HISTÓRIA DO CINECLUBE ZUMBIS


O dia 20 de novembro de 2004 é um marco do Cineclube Zumbis. Nesse dia um grupo de militantes da luta de negros e negras organizou o “Dia da Consciência Negra” na UNEMAT em Sinop, cidade que se situa a 500 km ao norte da Capital, Cuiabá. O evento que se esperava algumas poucas dezenas de participantes contou com cerca de 250 pessoas com a cobertura de quatro canais de televisão. Este fato impulsionou os militantes a prosseguir a luta. Dentre outras iniciativas, surgiu a idéia de exibir um filme sobre a temática em questão. No dia 22 de dezembro exibimos o filme “Hurricane”, baseado em uma história verídica de perseguição racista nos Estados Unidos. Novamente uma surpresa: com pouca divulgação, mais de 50 pessoas compareceram. Ânimo renovado, decidimos continuar com filmes todas as quartas-feiras, passando aos domingos com a volta às aulas.

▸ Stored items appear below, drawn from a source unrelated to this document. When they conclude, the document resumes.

(* Let $\mathbb{K}$ be a field, $q\in\mathbb{K}^*$ not a root of unity, $n\geq 3$, and $R=\mathcal{O}_q(M_n)$. Let $\sigma$ be a $\mathbb{K}$-algebra automorphism of $R$ such that there exist nonzero scalars $\lambda_{i,\alpha}\in\mathbb{K}^*$ ($1\le i,\alpha\le n$) with $\sigma(Y_{i,\alpha})-\lambda_{i,\alpha}Y_{i,\alpha}\in R_{\geq 2}$ for all $(i,\alpha)$. Then there exists a torus automorphism $\sigma_h$ of $R$ such that $\sigma_h\circ\sigma(Y_{i,\alpha})-Y_{i,\alpha}\in R_{\geq 2}$ for all $(i,\alpha)$.
   Context: $\mathcal{O}_q(M_n)$ is the $\mathbb{K}$-algebra generated by $Y_{i,\alpha}$, $1\le i,\alpha\le n$, subject to: $Y_{i,\beta}Y_{i,\alpha}=q^{-1}Y_{i,\alpha}Y_{i,\beta}$ for $\alpha<\beta$; $Y_{j,\alpha}Y_{i,\alpha}=q^{-1}Y_{i,\alpha}Y_{j,\alpha}$ for $i<j$; $Y_{j,\beta}Y_{i,\alpha}=Y_{i,\alpha}Y_{j,\beta}$ for $i<j$, $\alpha>\beta$; $Y_{j,\beta}Y_{i,\alpha}=Y_{i,\alpha}Y_{j,\beta}-(q-q^{-1})Y_{i,\beta}Y_{j,\alpha}$ for $i<j$, $\alpha<\beta$. It is $\mathbb{N}$-graded $R=\bigoplus_{i\in\mathbb{N}}R_i$ with each $Y_{i,\alpha}$ of degree 1, and $R_{\geq d}:=\bigoplus_{i\ge d}R_i$. For $h=(a_1,\dots,a_n,b_1,\dots,b_{n-1})\in(\mathbb{K}^* )^{2n-1}$, the torus automorphism $\sigma_h$ is defined by $\sigma_h(Y_{i,\alpha})=a_ib_\alpha Y_{i,\alpha}$ if $\alpha<n$ and $\sigma_h(Y_{i,n})=a_iY_{i,n}$; the torus automorphisms form a subgroup $\mathcal{H}$ of $\mathrm{Aut}(R)$. *)

From HB Require Import structures.
From mathcomp Require Import all_boot all_order all_algebra.
Set Implicit Arguments. Unset Strict Implicit. Unset Printing Implicit Defensive.
Import Order.TTheory GRing.Theory Num.Theory.
Local Open Scope ring_scope.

Inicialmente exibíamos os filmes em uma sala de reuniões na UNEMAT. O espaço de cinema foi se ampliando, um grupo foi se constituindo em torno da proposta. Em algum momento decidimos então nos apresentar como grupo. Firmamos um acordo com a Coordenação do Campus da UNEMAT de Sinop para exibição com caráter essencialmente educativo, sem fins lucrativos, todos os domingos, o que vem funcionando regularmente desde o princípio de 2005. Resolvemos então escolher um nome. O primeiro que surgiu foi “Cineclube Zumbi”, alusivo ao Dia da Consciência Negra quando o concebemos. Uma pessoa do grupo sugeriu que chamássemos de “Zumbis”, posto que “Todos Somos Zumbis”, ou seja, resistentes lutadores. A idéia foi aceita de pronto e, desde então, temos atuado como “Cineclube Zumbis”.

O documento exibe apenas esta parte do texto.